To do:
Lines in the listing below that hold "over" are the ones to copy.

Data for this exercise:
(* A constraint j leaves the index set at step k only if it is inactive at
   z*(x^k) and the ball of radius kappa |x - x^k| around z*(x^k) lies in
   Z_j(x).  Dropping an inactive constraint does not move z*(x^k), so by the
   Lipschitz bound z*(x, all \ {j}) lies in that ball, hence is feasible for
   the full problem, and z*(x) still minimizes V once j alone is removed.
   Inactive constraints of z*(x) can be removed freely.  For the removed
   active ones, LICQ gives directions u_i with G_l u_i = delta_li on the
   active set, and minimality of z*(x) with and without constraint i forces
   grad V(z*(x)) . u_i = 0.  Subtracting these components turns z - z*(x),
   for any z in Z(x, I(x)), into a feasible direction of Z(x) at z*(x), so
   grad V(z*(x)) . (z - z*(x)) >= 0 and z*(x) minimizes V over Z(x, I(x)).
   Minimizers exist because a positive definite quadratic is coercive, so
   its sublevel sets over a polyhedron are compact. *)

Section CoerciveMinimum.
Import boolp classical_sets topology normedtype derive numFieldNormedType.Exports.
Local Open Scope classical_set_scope.
Variables (R : realType) (n : nat).
Implicit Types (v : 'rV[R]_n) (C : set 'rV[R]_n) (f : 'rV[R]_n -> R).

Reply:
   grad V(z*(x)) . (z - z*(x)) >= 0 and z*(x) minimizes V over Z(x, I(x)).
   its sublevel sets over a polyhedron are compact. *)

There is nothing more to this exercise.